Although the painting is the size of two soccer fields, he says: “I had no helpers, no assistants, because I’m a bit of a control freak.” To complete the painting, 1,065 brushes and 6,300 liters of paint were used, a homemade mixture of household paints, artist acrylic, linseed oil and crude oil pigment.

As for the canvas, Jafri says he was lucky: “I called a supplier who had a lot of canvas in the warehouse that was scheduled for Dubai Expo 2020, but of course that was delayed.”

Jafri with Andre Abdoune, who bought the painting
Courtesy Humanity Inspired

After completion, the canvas was cut up and placed on stretchers to sell the work as a smaller painting through six auctions, including one at the World Economic Forum in Davos. “I was the first artist to speak in the main forum in Davos. We wanted to have dinner with the ‘150 von Davos’ and sell works – with Bezos, Zuckerberg, all the big boys,” says Jafri.

The work has been on view in full for the past three months in Atlantis, The Palm. “This guy kept coming in with a heavy French accent and saying, ‘Sacha, you can’t break this painting, it would be a travesty.'” Says Jafri. “He came seven days in a row for about four or five hours a day.”

That man was Abdoune.

At the auction on Monday evening, phone bids came from “Miami, LA, Mexico, South America, London, a lot in Switzerland – I think these are all the guys who made a lot of money with crypto – China and Hong Kong,” Jafri says. “Then Andre bid at $ 50 million and he got it at $ 62 million.”

Of Abdoune’s intended museum, Jafri says, “The kind of land it is could be helped by the rulers, they could give us land.
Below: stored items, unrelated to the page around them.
Lemma interval_not_split (U V : R -> Prop) p q :
  p <= q -> U p -> V q -> (forall x, U x -> V x -> False) ->
  (forall c, p <= c <= q -> U c -> near c U) -> (forall c, p <= c <= q -> V c -> near c V) ->
  exists c, p <= c <= q /\ ~ U c /\ ~ V c.
Proof.
  intros Hpq Hp Hq Hdisj HU HV.
  set (A := fun x => x <= q /\ forall y, p <= y <= x -> U y).
  assert (HAp : A p) by (split; [lra | intros y Hy; now replace y with p by lra]).
  destruct (completeness A) as [c [Hub Hlub]].
  { exists q. intros x [Hx _]. exact Hx. }
  { exists p. exact HAp. }
  assert (Hpc : p <= c) by (apply Hub, HAp).
  assert (Hcq : c <= q) by (apply Hlub; intros x [Hx _]; exact Hx).
  assert (Hbelow : forall y, p <= y < c -> U y).
  { intros y Hy. destruct (classic (U y)) as [HUy | HUy]; [exact HUy | exfalso].
    assert (Hy_ub : is_upper_bound A y).
    { intros x [_ Hx]. destruct (Rle_lt_dec x y) as [Hxy | Hxy]; [exact Hxy |].
      exfalso. apply HUy, Hx. lra. }
    specialize (Hlub y Hy_ub). lra. }
  exists c. split; [lra |]. split.
  - intro HUc. destruct (HU c ltac:(lra) HUc) as [d [Hd Hnear]].
    destruct (Rlt_le_dec c q) as [Hlt | Hge];
      [| apply (Hdisj q); [now replace q with c by lra | exact Hq]].
    set (x := Rmin (c + d / 2) q).
    assert (Hx : c < x <= c + d / 2) by (split; [apply Rmin_glb_lt | apply Rmin_l]; lra).
    assert (HAx : A x).
    { split; [apply Rmin_r |]. intros y Hy.
      destruct (Rlt_le_dec y c); [apply Hbelow; lra | apply Hnear; rewrite Rabs_pos_eq; lra]. }
    specialize (Hub x HAx). lra.
  - intro HVc. destruct (HV c ltac:(lra) HVc) as [d [Hd Hnear]].
    destruct (Rle_lt_dec c p) as [Hle | Hlt]; [apply (Hdisj p Hp); now replace p with c by lra |].
    set (y := Rmax p (c - d / 2)).
    assert (Hy : c - d / 2 <= y < c) by (split; [apply Rmax_r | apply Rmax_lub_lt]; lra).
    apply (Hdisj y).
    + apply Hbelow. split; [apply Rmax_l | lra].
    + apply Hnear. rewrite Rabs_minus_sym, Rabs_pos_eq; lra.
Qed.

Lemma exists_small_eps a b lam : 1 < lam -> 0 < b -> a_crit lam < a ->
  exists eps, 0 < eps < lam - 1 /\ b * eps < a - a_crit lam /\ (lam - 1) * ln eps + a <= 0.
Proof.
  intros Hlam Hb Ha.
  set (e1 := (lam - 1) / 2). set (e2 := (a - a_crit lam) / (2 * b)).
  set (e3 := exp (- a / (lam - 1))).
  set (eps := Rmin (Rmin e1 e2) e3).
  assert (He1 : eps <= e1) by (eapply Rle_trans; apply Rmin_l).
  assert (He2 : eps <= e2) by (eapply Rle_trans; [apply Rmin_l | apply Rmin_r]).
  assert (He3 : eps <= e3) by apply Rmin_r.
  assert (Hpos : 0 < eps).
  { apply Rmin_pos; [apply Rmin_pos; apply Rdiv_lt_0_compat; lra | apply exp_pos]. }
  exists eps. split; [unfold e1 in He1; lra |]. split.
  - apply Rmult_le_compat_l with (r := b) in He2; [| lra].
    replace (b * e2) with ((a - a_crit lam) / 2) in He2 by (unfold e2; field; lra).
    lra.
  - assert (Hln : ln eps <= - a / (lam - 1))
      by (rewrite <- (ln_exp (- a / (lam - 1))); now apply ln_le_mono).
    apply Rmult_le_compat_l with (r := lam - 1) in Hln; [| lra].
    replace ((lam - 1) * (- a / (lam - 1))) with (- a) in Hln by (field; lra).
    lra.
Qed.

Section Oscillation.

Variables a b lam eps : R.
Hypotheses (Hlam : 1 < lam) (Hb : 0 < b) (Heps : 0 < eps < lam - 1)
  (Heps_b : b * eps < a - a_crit lam) (Heps_ln : (lam - 1) * ln eps + a <= 0).

Lemma sol_odd_small k : forall x0 x1, 0 < x0 -> 0 < x1 <= eps ->
  0 < sol a b lam x0 x1 (S (2 * k)) <= eps.
Proof.
  induction k as [| k IH]; intros x0 x1 H0 H1; [exact H1 |].
  replace (S (2 * S k)) with (S (S (S (2 * k)))) by lia.
  rewrite sol_shift2. apply IH; [now apply hump_pos |].
  set (x0' := step a b lam x0 x1).
  assert (Hx0' : 0 < x0') by now apply hump_pos.
  assert (step a b lam x1 x0' < x1).
  { apply hump_lt_self; [lra |].
    assert ((lam - 1) * ln x1 <= (lam - 1) * ln eps)
      by (apply Rmult_le_compat_l; [lra | now apply ln_le_mono]).
    nra. }
  split; [now apply hump_pos | lra].
Qed.

Lemma sol_even_up x k : 0 < x ->
  sol a b lam x eps (2 * k) = lam - 1 -> lam - 1 < sol a b lam x eps (2 * S k).
Proof.
  intros Hx Hk. replace (2 * S k)%nat with (S (S (2 * k))) by lia.
  rewrite sol_SS, step_hump, Hk, hump_at_lam_sub1 by lra.
  destruct (sol_odd_small k x eps Hx ltac:(lra)).
  assert (1 < exp (a - b * sol a b lam x eps (S (2 * k)) - a_crit lam)) by (apply exp_gt_1; nra).
  nra.
Qed.
Lemma sum_f_R0_big (g : nat -> R) (n : nat) :
  sum_f_R0 g n = \big[Rplus/R0]_(i < n.+1) g i.
Proof. by elim: n => [|n IH] /=; rewrite ?big_ord1 // IH [in RHS]big_ord_recr. Qed.

Lemma bigprod_Rdiv (j : nat) (a : nat -> R) (b : R) : b <> 0 ->
  \big[Rmult/R1]_(i < j) (a i / b) = (\big[Rmult/R1]_(i < j) a i) / b ^ j.
Proof.
move=> b0; elim: j => [|j IH]; first by rewrite !big_ord0 /=; field.
by rewrite !big_ord_recr IH /=; field; split => //; apply: pow_nonzero.
Qed.

Lemma is_lim_seq_bigsum (K : nat) (u : nat -> nat -> R) (l : nat -> R) :
  (forall j, (j < K)%N -> is_lim_seq (u j) (l j)) ->
  is_lim_seq (fun N => \big[Rplus/R0]_(j < K) u j N) (\big[Rplus/R0]_(j < K) l j).
Proof.
elim: K => [|K IH] H.
  rewrite big_ord0; apply: (is_lim_seq_ext (fun=> R0)); last exact: is_lim_seq_const.
  by move=> N; rewrite big_ord0.
rewrite big_ord_recr /=.
apply: (is_lim_seq_ext _ _ _ _ (is_lim_seq_plus' _ _ _ _ (IH _) (H K (ltnSn K)))).
  by move=> N; rewrite big_ord_recr.
by move=> j Hj; apply: H; apply: ltnW.
Qed.

Lemma is_lim_seq_bigprod (K : nat) (u : nat -> nat -> R) (l : nat -> R) :
  (forall j, (j < K)%N -> is_lim_seq (u j) (l j)) ->
  is_lim_seq (fun N => \big[Rmult/R1]_(j < K) u j N) (\big[Rmult/R1]_(j < K) l j).
Proof.
elim: K => [|K IH] H.
  rewrite big_ord0; apply: (is_lim_seq_ext (fun=> R1)); last exact: is_lim_seq_const.
  by move=> N; rewrite big_ord0.
rewrite big_ord_recr /=.
apply: (is_lim_seq_ext _ _ _ _ (is_lim_seq_mult' _ _ _ _ (IH _) (H K (ltnSn K)))).
  by move=> N; rewrite big_ord_recr.
by move=> j Hj; apply: H; apply: ltnW.
Qed.

Lemma is_lim_seq_inv_succ : is_lim_seq (fun N => / INR N.+1) 0.
Proof.
apply: (is_lim_seq_inv _ p_infty) => //.
exact: (proj1 (is_lim_seq_incr_1 INR p_infty) is_lim_seq_INR).
Qed.

Lemma is_lim_seq_inv_succ_pow (k : nat) :
  is_lim_seq (fun N => (/ INR N.+1) ^ k) ((if k is 0 then 1 else 0) : R).
Proof.
elim: k => [|k IH] /=; first exact: is_lim_seq_const.
by have := is_lim_seq_mult' _ _ _ _ is_lim_seq_inv_succ IH; rewrite Rmult_0_l.
Qed.

Lemma is_lim_seq_shift_ratio (i : nat) : is_lim_seq (fun N => INR (N.+2 - i) / INR N.+1) 1.
Proof.
apply: (is_lim_seq_ext_loc (fun N => 1 + (1 - INR i) * / INR N.+1)).
  exists i => N HN; rewrite minus_INR; last by apply/leP; lia.
  by rewrite !S_INR; field; have := pos_INR N; lra.
have := is_lim_seq_plus' _ _ _ _ (is_lim_seq_const 1)
         (is_lim_seq_mult' _ _ _ _ (is_lim_seq_const (1 - INR i)) is_lim_seq_inv_succ).
by rewrite Rmult_0_r Rplus_0_r.
Qed.

Lemma binomial_ratioE (N j n : nat) : (j <= n)%N ->
  INR 'C(N.+2, j) / INR N.+1 ^ n =
  (\big[Rmult/R1]_(i < j) (INR (N.+2 - i) / INR N.+1)) * / INR (Factorial.fact j)
   * (/ INR N.+1) ^ (n - j).
Proof.
move=> Hjn; have b0 : INR N.+1 <> 0 by apply: not_0_INR.
have f0 : INR (Factorial.fact j) <> 0 by apply: INR_fact_neq_0.
rewrite (@bigprod_Rdiv j (fun i => INR (N.+2 - i))) // -INR_prod -ffact_prod.
rewrite -bin_ffact mult_INR -fact_factorial.
have -> : n = (j + (n - j))%N by lia.
rewrite pow_add -Rinv_pow // addKn; field.
by split; [|split] => //; apply: pow_nonzero.
Qed.

Lemma is_lim_seq_binomial_ratio (j n : nat) : (j <= n)%N ->
  is_lim_seq (fun N => INR 'C(N.+2, j) / INR N.+1 ^ n)
             ((if j == n then / INR (Factorial.fact n) else 0) : R).
Proof.
move=> Hjn; apply: (is_lim_seq_ext _ _ _ (fun N => esym (binomial_ratioE N Hjn))).
have Hp : is_lim_seq (fun N => \big[Rmult/R1]_(i < j) (INR (N.+2 - i) / INR N.+1)) 1.
  have := @is_lim_seq_bigprod j (fun i N => INR (N.+2 - i) / INR N.+1) (fun=> 1)
            (fun i _ => @is_lim_seq_shift_ratio i).
  by rewrite big1_eq.
have := is_lim_seq_mult' _ _ _ _
  (is_lim_seq_mult' _ _ _ _ Hp (is_lim_seq_const (/ INR (Factorial.fact j))))
  (@is_lim_seq_inv_succ_pow (n - j)%N).
case: eqP => [->|ne]; first by rewrite subnn /= Rmult_1_l Rmult_1_r.
by case E: (n - j)%N => [|k]; [lia | rewrite Rmult_0_r].
Qed.

Lemma sum_ord_widen0 (F : nat -> nat) (a b : nat) :
  (forall j, (a <= j)%N -> F j = 0%N) -> (a <= b)%N ->
  (\sum_(j < a) F j = \sum_(j < b) F j)%N.
Proof.
move=> F0 Hab; rewrite -!(big_mkord xpredT) (big_cat_nat (leq0n a) Hab) /=.
have -> : (\sum_(a <= i < b) F i = 0)%N.
  by rewrite big_nat_cond big1 // => j /andP[/andP[/F0]].
by rewrite addn0.
Qed.

(* The order polynomial, as a polynomial of degree [#|W|] in [m]. *)
Lemma wlayers_sum (T : finType) (r : rel T) (m : nat) (W : {set T}) :
  wlayers r m W = (\sum_(j < #|W|.+1) slayers r j W * 'C(m, j))%N.
Proof.
pose F j := (slayers r j W * 'C(m, j))%N; pose K := (m.+1 + #|W|.+1)%N.
rewrite wlayersE (@sum_ord_widen0 F m.+1 K) ?(@sum_ord_widen0 F #|W|.+1 K) ?leq_addr ?leq_addl //.
- by move=> j Hj; rewrite /F slayers_eq0 ?mul0n.
- by move=> j Hj; rewrite /F bin_small ?muln0.
Qed.

(* Only the top coefficient of the order polynomial survives the rescaling. *)
Lemma is_lim_seq_grid_count (T : finType) (r : rel T) (W : {set T}) (a : R) :
  is_lim_seq (fun N => INR (wlayers r N.+2 W) * (a / INR N.+1) ^ #|W|)
             (INR (nlinext r W) / INR (Factorial.fact #|W|) * a ^ #|W|).
Proof.
set n := #|W|.
pose u j N := INR (slayers r j W) * a ^ n * (INR 'C(N.+2, j) / INR N.+1 ^ n).
apply: (is_lim_seq_ext (fun N => \big[Rplus/R0]_(j < n.+1) u j N)).
  move=> N; rewrite wlayers_sum -/n INR_sum big_distrl /=; apply: eq_bigr => j _.
  have b0 : INR N.+1 <> 0 by apply: not_0_INR.
  rewrite /u -/(INR N.+1) mult_INR Rpow_mult_distr -Rinv_pow //; field; exact: pow_nonzero.
have := @is_lim_seq_bigsum n.+1 u
  (fun j => INR (slayers r j W) * a ^ n * (if j == n then / INR (Factorial.fact n) else 0))
  (fun i Hi => is_lim_seq_mult' _ _ _ _
  (is_lim_seq_const _) (@is_lim_seq_binomial_ratio i n Hi)).
rewrite big_ord_recr /= eqxx big1 ?Rplus_0_l; last first.
  by move=> j _; rewrite /= (ltn_eqF (ltn_ord j)) Rmult_0_r.
by rewrite /nlinext -/n; congr is_lim_seq; congr Rbar.Finite; field; apply: INR_fact_neq_0.
Qed.

Lemma RlebP (a b : R) : reflect (a <= b) (Rleb a b).
Proof. by rewrite /Rleb; case: Rle_dec => H; constructor. Qed.

Lemma in_Omega_grid (T : finType) (lt : rel T) (W : {set T}) (s t : R) (N : nat)
    (g : {ffun T -> 'I_N.+2}) : s < t ->
  in_Omega lt W s t (grid_point s t g) = order_reversing lt W g.
Proof.
move=> st; have k0 : 0 < (t - s) / INR N.+1.
  by apply: Rdiv_lt_0_compat; [lra | apply: lt_0_INR; apply/ltP].
set k := (t - s) / INR N.+1 in k0.
have gpE v : grid_point s t g v = s + INR (g v) * k.
  by rewrite /grid_point /k; field; apply: not_0_INR.
rewrite /in_Omega; have -> : [forall v in W, Rleb s (grid_point s t g v) &&
                                             Rleb (grid_point s t g v) t].
  apply/forall_inP => v _; apply/andP; split; apply/RlebP; rewrite gpE.
    by have := Rmult_le_pos _ _ (pos_INR (g v)) (Rlt_le _ _ k0); lra.
  have Hg : INR (g v) <= INR N.+1 by apply: le_INR; apply/leP; rewrite -ltnS.
  have := Rmult_le_compat_r _ _ _ (Rlt_le _ _ k0) Hg.
  have -> : INR N.+1 * k = t - s by rewrite /k; field; apply: not_0_INR.
  lra.
apply: eq_forallb => v; congr (_ ==> _); apply: eq_forallb => w.
congr (_ ==> _); congr (_ ==> _); apply/RlebP/idP; rewrite !gpE => H.
  by apply/leP; apply: INR_le; apply: (Rmult_le_reg_r _ _ _ k0); lra.
have : INR (g w) <= INR (g v) by apply: le_INR; apply/leP.
by move/(Rmult_le_compat_r _ _ _ (Rlt_le _ _ k0)); lra.
Qed.

Lemma jordan_sumE (T : finType) (lt : rel T) (W : {set T}) (s t : R) (N : nat) :
  s < t -> jordan_sum lt W s t N = INR (wlayers lt N.+2 W) * ((t - s) / INR N.+1) ^ #|W|.
Proof.
move=> st; rewrite /jordan_sum -card_grid_maps; congr (INR _ * _).
by apply: eq_card => g; rewrite !inE in_Omega_grid.
Qed.

Section PosetFactorial.
Variables (T : finType) (lt : rel T).
Hypotheses (lt_trans : transitive lt) (lt_irr : irreflexive lt).

Lemma poset_factorialE (W : {set T}) :
  poset_factorial lt W = INR (Factorial.fact #|W|) / INR (nlinext lt W).
Proof.
have c0 : 0 < INR (nlinext lt W) by apply: lt_0_INR; apply/ltP; apply: nlinext_gt0.
have f0 := INR_fact_lt_0 #|W|.
have Hex : is_poset_factorial lt W (INR (Factorial.fact #|W|) / INR (nlinext lt W)).
  split=> [|s t st]; first exact: Rdiv_lt_0_compat.
  apply/is_lim_seq_Reals/(is_lim_seq_ext _ _ _ (fun N => esym (jordan_sumE lt W N st))).
  by have := @is_lim_seq_grid_count T lt W (t - s); congr is_lim_seq; congr Rbar.Finite; field; lra.
have [fpos Hf] := epsilon_spec (inhabits R1) _ (ex_intro _ _ Hex).
have := UL_sequence _ _ _ (Hf 0 1 Rlt_0_1) (proj2 Hex 0 1 Rlt_0_1).
rewrite Rminus_0_r pow1 /Rdiv !Rmult_1_l => E.
by rewrite /poset_factorial -(Rinv_inv (epsilon _ _)) E Rinv_inv.
Qed.
End PosetFactorial.

Section BinomialDownsets.
Variables (T : finType) (lt : rel T).
Hypotheses (lt_trans : transitive lt) (lt_irr : irreflexive lt).

Let term (h k : R) (D : {set T}) : R :=
  poset_factorial lt setT / (poset_factorial lt (~: D) * poset_factorial lt D)
  * h ^ #|~: D| * k ^ #|D|.

Lemma sum_downsets_card (h k : R) (j : nat) : (j <= #|T|)%N ->
  \big[Rplus/R0]_(D | downset lt setT D && (#|D| == j)) term h k D
  = Binomial.C #|T| j * k ^ j * h ^ (#|T| - j).
Proof.
move=> Hj; have ccp (W : {set T}) : 0 < INR (nlinext lt W).
  by apply: lt_0_INR; apply/ltP; apply: nlinext_gt0.
pose c := Binomial.C #|T| j * k ^ j * h ^ (#|T| - j) / INR (nlinext lt setT).
rewrite (eq_bigr (fun D => INR (nlinext lt D * nlinext lt (setT :\: D)) * c)); last first.
  move=> D /andP[_ /eqP cD]; have cC : #|~: D| = (#|T| - j)%N by rewrite cardsCs setCK cD.
  rewrite /term !poset_factorialE // cC cD cardsT setTD mult_INR /c /Binomial.C.
  have := ccp setT; have := ccp D; have := ccp (~: D).
  have := INR_fact_lt_0 #|T|; have := INR_fact_lt_0 j; have := INR_fact_lt_0 (#|T| - j).
  by change (#|T| - j)%coq_nat with (#|T| - j)%N => *; field; lra.
have -> : \big[Rplus/R0]_(D | downset lt setT D && (#|D| == j))
            (INR (nlinext lt D * nlinext lt (setT :\: D)) * c)
          = INR (\sum_(D | downset lt setT D && (#|D| == j))
                   nlinext lt D * nlinext lt (setT :\: D)) * c.
  by rewrite INR_sum big_distrl.
by rewrite nlinext_split ?cardsT // /c; field; have := ccp setT; lra.
Qed.

Lemma binomial_downsets (h k : R) :
  (h + k) ^ #|T| =
  \big[Rplus/R0]_(D | downset lt setT D) term h k D.
Proof.
rewrite (partition_big (fun D : {set T} => (inord #|D| : 'I_#|T|.+1)) xpredT) //.
rewrite (eq_bigr (fun j : 'I_#|T|.+1 => Binomial.C #|T| j * k ^ j * h ^ (#|T| - j))).
  by rewrite Rplus_comm Binomial.binomial sum_f_R0_big; apply: eq_bigr => i _; rewrite minusE.
move=> j _; rewrite -sum_downsets_card; last by rewrite -ltnS.
apply: eq_bigl => D; congr andb.
have : (#|D| < #|T|.+1)%N by rewrite ltnS max_card.
by move=> HD; apply/eqP/eqP => [<-|->]; [rewrite inordK | apply: val_inj; rewrite /= inordK].
Qed.
End BinomialDownsets.

Theorem mainTheorem8 (A : Type) (f : pforest A) (h k : R)
    (hh : Rle 0 h) (hk : Rle 0 k) :
  pow (Rplus h k) (size (fverts f)) =
  \big[Rplus/R0]_(V2 : {set fvert f} | ll_downset V2)
     Rmult (Rmult
       (Rdiv (poset_factorial (@ll A f) setT)
             (Rmult (poset_factorial (@ll A f) (~: V2))
                    (poset_factorial (@ll A f) V2)))
       (pow h #|~: V2|))
       (pow k #|V2|).
Proof.
have -> : size (fverts f) = #|fvert f| by rewrite card_ord.
rewrite (binomial_downsets (@ll_trans A f) (@ll_irr A f)); apply: eq_bigl => V2.
rewrite /downset subsetT; apply: eq_forallb => v; congr (_ ==> _).
by apply: eq_forallb => w; rewrite in_setT.
Qed.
We want to create a spiritual place like Rothko’s Church in Nevada.” He adds that they are also hoping to hold workshops for special needs and disadvantaged children: “Fly them to Dubai for a week, put them up – there will be living quarters to sleep in. There will be a kitchen – it will be like a soup kitchen for the world’s orphaned refugees. “

And to make that clear, Abdoune pays in dollars, not in cryptocurrencies. “He’s already made a substantial down payment and is paying the rest in three installments in three installments over a period of six weeks,” says Jafri.